» **What you are asked to do**: Report each line below that carries the word "then".

++++ Data ++++

Definition extremely_normal {X : Type} (C : family X) : Prop :=
  unbounded_ballean C /\ forall Y, ~ bounded C Y -> large C Y.

Definition strictly_contained {X : Type} (C D : family X) : Prop :=
  (forall E, C E -> D E) /\ exists E, D E /\ ~ C E.

Definition maximal {X : Type} (C : family X) : Prop :=
  unbounded_ballean C /\
  forall D, coarse_structure D -> strictly_contained C D -> bounded D (fun _ => True).

Definition finite_set (A : nat -> Prop) : Prop := exists n, forall x, A x -> x < n.
Definition infinite_set (A : nat -> Prop) : Prop := ~ finite_set A.

Definition bijective_fun (f : nat -> nat) : Prop :=
  exists g, (forall x, g (f x) = x) /\ (forall y, f (g y) = y).

Definition finite_perm_set (H : (nat -> nat) -> Prop) : Prop :=
  (exists l : list (nat -> nat), forall h, H h <-> In h l) /\
  (forall h, H h -> bijective_fun h) /\
  H (fun x => x).

Definition E_H (H : (nat -> nat) -> Prop) : entourage nat :=
  fun x y => exists h, H h /\ y = h x.

Definition perm_base : family nat :=
  fun E => exists H, finite_perm_set H /\ E = E_H H.

Definition perm_coarse : family nat := with_base perm_base.

Definition in_frakF (P : (nat -> Prop) -> Prop) : Prop :=
  (forall x, exists Q, P Q /\ Q x) /\
  (forall Q, P Q -> finite_set Q) /\
  (forall x, finite_set (fun y => exists Q, P Q /\ Q x /\ Q y)).

Definition M_P (P : (nat -> Prop) -> Prop) : entourage nat :=
  fun x y => exists Q, P Q /\ Q x /\ Q y.

Definition M_base : family nat :=
  fun E => exists P, in_frakF P /\ E = M_P P.

Definition M_omega : family nat := with_base M_base.

From Stdlib Require Import ClassicalEpsilon Classical List Lia PeanoNat.

(* Every entourage E_H has balls and co-balls of at most |H| points, so the
   structure consists of locally finite relations, all of which lie in M_omega.
   The relation "x and y lie in the same dyadic block [2^k - 1, 2^(k+1) - 1)" is
   locally finite but has arbitrarily large balls, so it is in M_omega but not in
   the structure; the locally finite relations form a strictly larger coarse
   structure in which omega is still unbounded, so the structure is not maximal.
   An infinite set A is large: for an injection psi of omega into A, the
   involution exchanging n and psi n for every n outside A moves each point
   outside A into A.  A finite set is bounded, using the transpositions with 0. *)

Local Notation E_of l := (E_H (fun g => In g l)).

Definition bijections (l : list (nat -> nat)) : Prop :=
  forall h, In h l -> bijective_fun h.

Definition locally_finite : family nat :=
  fun E => (forall x, finite_set (E x)) /\ (forall x, finite_set (fun y => E y x)).

Lemma finite_set_or (A B : nat -> Prop) :
  finite_set A -> finite_set B -> finite_set (fun y => A y \/ B y).
Proof.
  intros [n Hn] [m Hm]. exists (max n m).
  intros y [Ay|By]; [specialize (Hn y Ay)|specialize (Hm y By)]; lia.
Qed.

Lemma finite_set_indexed_union (I : nat -> Prop) (F : nat -> nat -> Prop) :
  finite_set I -> (forall z, I z -> finite_set (F z)) ->
  finite_set (fun y => exists z, I z /\ F z y).
Proof.
  intros [n Hn] HF.
  enough (Hk : forall k, finite_set (fun y => exists z, z < k /\ I z /\ F z y)).
  { destruct (Hk n) as [m Hm]. exists m. intros y [z [Iz Fzy]].
    apply Hm. exists z. auto. }
  induction k as [|k [m Hm]].
  - exists 0. intros y [z [Hz _]]. lia.
  - destruct (classic (I k)) as [Ik|nIk].
    + destruct (HF k Ik) as [m' Hm']. exists (max m m').
      intros y [z [Hz [Iz Fzy]]].
      destruct (Nat.eq_dec z k) as [->|Hzk].
      * specialize (Hm' y Fzy); lia.
      * assert (y < m) by (apply Hm; exists z; repeat split; auto; lia). lia.
    + exists m. intros y [z [Hz [Iz Fzy]]].
      apply Hm. exists z. repeat split; auto.
      destruct (Nat.eq_dec z k); [subst; contradiction|lia].
Qed.

Lemma locally_finite_coarse_structure : coarse_structure locally_finite.
Proof.
  split; [|split; [|split; [|split]]].
  - split; intro x; exists (S x); intros y Hy; lia.
  - intros E F [HF1 HF2] HEF. split; intro x.
    + destruct (HF1 x) as [n Hn]. exists n. intros y Hy. apply Hn, HEF, Hy.
    + destruct (HF2 x) as [n Hn]. exists n. intros y Hy. apply Hn, HEF, Hy.
  - intros E [HE1 HE2]. split; assumption.
  - intros E F [HE1 HE2] [HF1 HF2]. split; intro x; apply finite_set_or; auto.
  - intros E F [HE1 HE2] [HF1 HF2]. split; intro x.
    + apply (finite_set_indexed_union (E x) F); auto.
    + destruct (finite_set_indexed_union (fun y => F y x) (fun y z => E z y))
        as [n Hn]; auto.
      exists n. intros z [y [Ezy Fyx]]. apply Hn. eauto.
Qed.

Lemma locally_finite_unbounded : unbounded_ballean locally_finite.
Proof.
  intros [x [E [[HE _] Hall]]].
  destruct (HE x) as [n Hn]. specialize (Hn n (Hall n I)). lia.
Qed.

(* The covering by the sets {z} \cup E[z]. *)
Lemma locally_finite_M_omega (E : entourage nat) : locally_finite E -> M_omega E.
Proof.
  intros [HE1 HE2].
  set (Q := fun z y => y = z \/ E z y).
  assert (HQ : forall z, finite_set (Q z)).
  { intro z. apply finite_set_or; [exists (S z); intros y ->; lia|apply HE1]. }
  set (P := fun S : nat -> Prop => exists z, S = Q z).
  exists (M_P P). split.
  - exists P. split; [|reflexivity]. split; [|split].
    + intro x. exists (Q x). split; [exists x; reflexivity|left; reflexivity].
    + intros S [z ->]. apply HQ.
    + intro x.
      destruct (finite_set_indexed_union (fun z => Q z x) Q) as [n Hn]; auto.
      { destruct (HE2 x) as [m Hm]. exists (max (S x) m).
        intros z [->|Ezx]; [lia|specialize (Hm z Ezx); lia]. }
      exists n. intros y [S [[z ->] [Hx Hy]]]. apply Hn. eauto.
  - intros x y Exy. exists (Q x).
    split; [exists x; reflexivity|split; [left; reflexivity|right; exact Exy]].
Qed.

Lemma bijective_fun_id : bijective_fun (fun x => x).
Proof. exists (fun x => x). split; reflexivity. Qed.

Lemma bijective_fun_comp (f g : nat -> nat) :
  bijective_fun f -> bijective_fun g -> bijective_fun (fun x => g (f x)).
Proof.
  intros [f' [Hf1 Hf2]] [g' [Hg1 Hg2]]. exists (fun y => f' (g' y)).
  split; intro; [rewrite Hg1, Hf1|rewrite Hf2, Hg2]; reflexivity.
Qed.

Lemma bijections_inverses (l : list (nat -> nat)) :
  bijections l ->
  exists l', bijections l' /\
    forall h, In h l -> exists g, In g l' /\ forall x, g (h x) = x.
Proof.
  induction l as [|h l IH]; intro Hb.
  - exists nil. split; intros ? [].
  - destruct IH as [l' [Hb' Hinv]]; [intros g Hg; apply Hb; right; exact Hg|].
    destruct (Hb h (or_introl eq_refl)) as [g [Hg1 Hg2]].
    exists (g :: l'). split.
    + intros k [<-|Hk]; [exists h; split; assumption|auto].
    + intros k [<-|Hk].
      * exists g. split; [left; reflexivity|exact Hg1].
      * destruct (Hinv k Hk) as [k' [Hk' Hk'k]]. exists k'. split; [right|]; auto.
Qed.

Lemma perm_coarseP (E : entourage nat) :
  perm_coarse E <-> exists l, bijections l /\ subrel E (E_of l).
Proof.
  split.
  - intros [F [[H [[[l Hl] [Hb _]] ->]] HEF]]. exists l. split.
    + intros h Hh. apply Hb, Hl, Hh.
    + intros x y Exy. destruct (HEF x y Exy) as [h [Hh ->]].
      exists h. split; [apply Hl, Hh|reflexivity].
  - intros [l [Hb HE]]. exists (E_of ((fun x => x) :: l)). split.
    + exists (fun g => In g ((fun x => x) :: l)). split; [|reflexivity].
      split; [exists ((fun x => x) :: l); tauto|split; [|left; reflexivity]].
      intros h [<-|Hh]; [exact bijective_fun_id|auto].
    + intros x y Exy. destruct (HE x y Exy) as [h [Hh ->]].
      exists h. split; [right|]; auto.
Qed.

Lemma perm_coarse_E_of (l : list (nat -> nat)) :
  bijections l -> perm_coarse (E_of l).
Proof. intro Hb. apply perm_coarseP. exists l. split; [exact Hb|intros x y H; exact H]. Qed.

Lemma perm_coarse_structure : coarse_structure perm_coarse.
Proof.
  split; [|split; [|split; [|split]]].
  - apply perm_coarseP. exists ((fun x => x) :: nil). split.
    + intros h [<-|[]]. exact bijective_fun_id.
    + intros x y ->. exists (fun x => x). split; [left|]; reflexivity.
  - intros E F HF HEF. apply perm_coarseP in HF as [l [Hb HFl]].
    apply perm_coarseP. exists l. split; [exact Hb|].
    intros x y Exy. apply HFl, HEF, Exy.
  - intros E HE. apply perm_coarseP in HE as [l [Hb HEl]].
    destruct (bijections_inverses l Hb) as [l' [Hb' Hinv]].
    apply perm_coarseP. exists l'. split; [exact Hb'|].
    intros x y Eyx. destruct (HEl y x Eyx) as [h [Hh ->]].
    destruct (Hinv h Hh) as [g [Hg Hgh]]. exists g. split; [exact Hg|symmetry; apply Hgh].
  - intros E F HE HF.
    apply perm_coarseP in HE as [l1 [Hb1 HE1]]. apply perm_coarseP in HF as [l2 [Hb2 HF2]].
    apply perm_coarseP. exists (l1 ++ l2). split.
    + intros h Hh. apply in_app_or in Hh as [Hh|Hh]; auto.
    + intros x y [Exy|Fxy];
        [destruct (HE1 x y Exy) as [h [Hh ->]]|destruct (HF2 x y Fxy) as [h [Hh ->]]];
        exists h; split; auto; apply in_or_app; auto.
  - intros E F HE HF.
    apply perm_coarseP in HE as [l1 [Hb1 HE1]]. apply perm_coarseP in HF as [l2 [Hb2 HF2]].
    apply perm_coarseP.
    exists (flat_map (fun h1 => map (fun h2 x => h2 (h1 x)) l2) l1). split.
    + intros h Hh. apply in_flat_map in Hh as [h1 [H1 Hh]].
      apply in_map_iff in Hh as [h2 [<- H2]]. apply bijective_fun_comp; auto.
    + intros x z [y [Exy Fyz]].
      destruct (HE1 x y Exy) as [h1 [H1 ->]]. destruct (HF2 _ z Fyz) as [h2 [H2 ->]].
      exists (fun x => h2 (h1 x)). split; [|reflexivity].
      apply in_flat_map. exists h1. split; [exact H1|].
      apply (in_map (fun h2 x => h2 (h1 x))), H2.
Qed.

Lemma E_of_ball_finite (l : list (nat -> nat)) (x : nat) : finite_set (E_of l x).
Proof.
  induction l as [|h l [m Hm]].
  - exists 0. intros y [g [[] _]].
  - exists (max m (S (h x))). intros y [g [[<-|Hg] ->]]; [lia|].
    assert (g x < m) by (apply Hm; exists g; split; auto). lia.
Qed.

Lemma E_of_coball_finite (l : list (nat -> nat)) (x : nat) :
  bijections l -> finite_set (fun z => E_of l z x).
Proof.
  induction l as [|h l IH]; intro Hb.
  - exists 0. intros z [g [[] _]].
  - destruct IH as [m Hm]; [intros g Hg; apply Hb; right; exact Hg|].
    destruct (Hb h (or_introl eq_refl)) as [h' [Hh' _]].
    exists (max m (S (h' x))). intros z [g [[<-|Hg] Hx]].
    + rewrite Hx, Hh'. lia.
    + assert (z < m) by (apply Hm; exists g; split; auto). lia.
Qed.

Lemma perm_coarse_locally_finite (E : entourage nat) :
  perm_coarse E -> locally_finite E.
Proof.
  intro HE. apply perm_coarseP in HE as [l [Hb HEl]]. split; intro x.
  - destruct (E_of_ball_finite l x) as [m Hm]. exists m. intros y Hy. apply Hm, HEl, Hy.
  - destruct (E_of_coball_finite l x Hb) as [m Hm]. exists m. intros y Hy. apply Hm, HEl, Hy.
Qed.

Lemma E_of_interval_length (l : list (nat -> nat)) (x a k : nat) :
  (forall y, a <= y < a + k -> E_of l x y) -> k <= length l.
Proof.
  intro Hball.
  assert (Hincl : incl (seq a k) (map (fun h => h x) l)).
  { intros y Hy. apply in_seq in Hy. destruct (Hball y Hy) as [h [Hh ->]].
    apply (in_map (fun h => h x)), Hh. }
  pose proof (NoDup_incl_length (seq_NoDup k a) Hincl) as Hlen.
  rewrite length_seq, length_map in Hlen. exact Hlen.
Qed.

Definition same_dyadic_block : entourage nat :=
  fun x y => Nat.log2 (S x) = Nat.log2 (S y).

Lemma lt_pow2_succ_log2 (y : nat) : y < 2 ^ S (Nat.log2 (S y)).
Proof. pose proof (Nat.log2_spec (S y) ltac:(lia)). lia. Qed.

Lemma same_dyadic_block_locally_finite : locally_finite same_dyadic_block.
Proof.
  split; intro x; exists (2 ^ S (Nat.log2 (S x))); intros y Hy;
    unfold same_dyadic_block in Hy; [rewrite Hy|rewrite <- Hy]; apply lt_pow2_succ_log2.
Qed.

Lemma same_dyadic_block_not_perm_coarse : ~ perm_coarse same_dyadic_block.
Proof.
  intro HE. apply perm_coarseP in HE as [l [_ HEl]].
  set (m := length l).
  assert (Hm : m < 2 ^ m) by (apply Nat.pow_gt_lin_r; lia).
  enough (2 ^ m <= m) by lia.
  apply (E_of_interval_length l (2 ^ m - 1) (2 ^ m - 1)).
  intros y Hy. apply HEl. unfold same_dyadic_block.
  replace (S (2 ^ m - 1)) with (2 ^ m) by lia.
  rewrite Nat.log2_pow2 by lia. symmetry. apply Nat.log2_unique; simpl; lia.
Qed.

Lemma perm_coarse_not_maximal : ~ maximal perm_coarse.
Proof.
  intros [_ Hmax]. apply locally_finite_unbounded, Hmax.
  - exact locally_finite_coarse_structure.
  - split; [exact perm_coarse_locally_finite|].
    exists same_dyadic_block.
    split; [exact same_dyadic_block_locally_finite|exact same_dyadic_block_not_perm_coarse].
Qed.

Definition transposition (a b z : nat) : nat :=
  if z =? a then b else if z =? b then a else z.

Lemma transposition_involutive (a b z : nat) :
  transposition a b (transposition a b z) = z.
Proof.
  unfold transposition.
  destruct (Nat.eqb_spec z a); [|destruct (Nat.eqb_spec z b)];
    repeat match goal with |- context [?x =? ?y] => destruct (Nat.eqb_spec x y) end; lia.
Qed.

Lemma finite_set_bounded (Y : nat -> Prop) : finite_set Y -> bounded perm_coarse Y.
Proof.
  intros [n Hn]. exists 0, (E_of (map (transposition 0) (seq 0 n))). split.
  - apply perm_coarse_E_of. intros h Hh. apply in_map_iff in Hh as [k [<- _]].
    exists (transposition 0 k). split; intro; apply transposition_involutive.
  - intros y Hy. exists (transposition 0 y). split.
    + apply in_map, in_seq. specialize (Hn y Hy). lia.
    + reflexivity.
Qed.

Section SwapIntoSet.

Variables (A : nat -> Prop) (psi : nat -> nat).
Hypothesis psi_inj : forall i j, psi i = psi j -> i = j.
Hypothesis psi_in : forall n, A (psi n).

Definition swap_into (x : nat) : nat :=
  if excluded_middle_informative (A x) then
    if excluded_middle_informative (exists n, ~ A n /\ psi n = x)
    then epsilon (inhabits 0) (fun n => ~ A n /\ psi n = x)
    else x
  else psi x.

Lemma swap_into_psi (n : nat) : ~ A n -> swap_into (psi n) = n.
Proof.
  intro nAn. unfold swap_into.
  destruct (excluded_middle_informative (A (psi n))) as [_|nA]; [|contradiction (nA (psi_in n))].
  destruct (excluded_middle_informative _) as [Ex|nEx]; [|exfalso; eauto].
  destruct (epsilon_spec (inhabits 0) _ Ex) as [_ Heq]. apply psi_inj, Heq.
Qed.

++++

» **Solution**:
  if z =? a then b else if z =? b then a else z.
  if excluded_middle_informative (A x) then
    then epsilon (inhabits 0) (fun n => ~ A n /\ psi n = x)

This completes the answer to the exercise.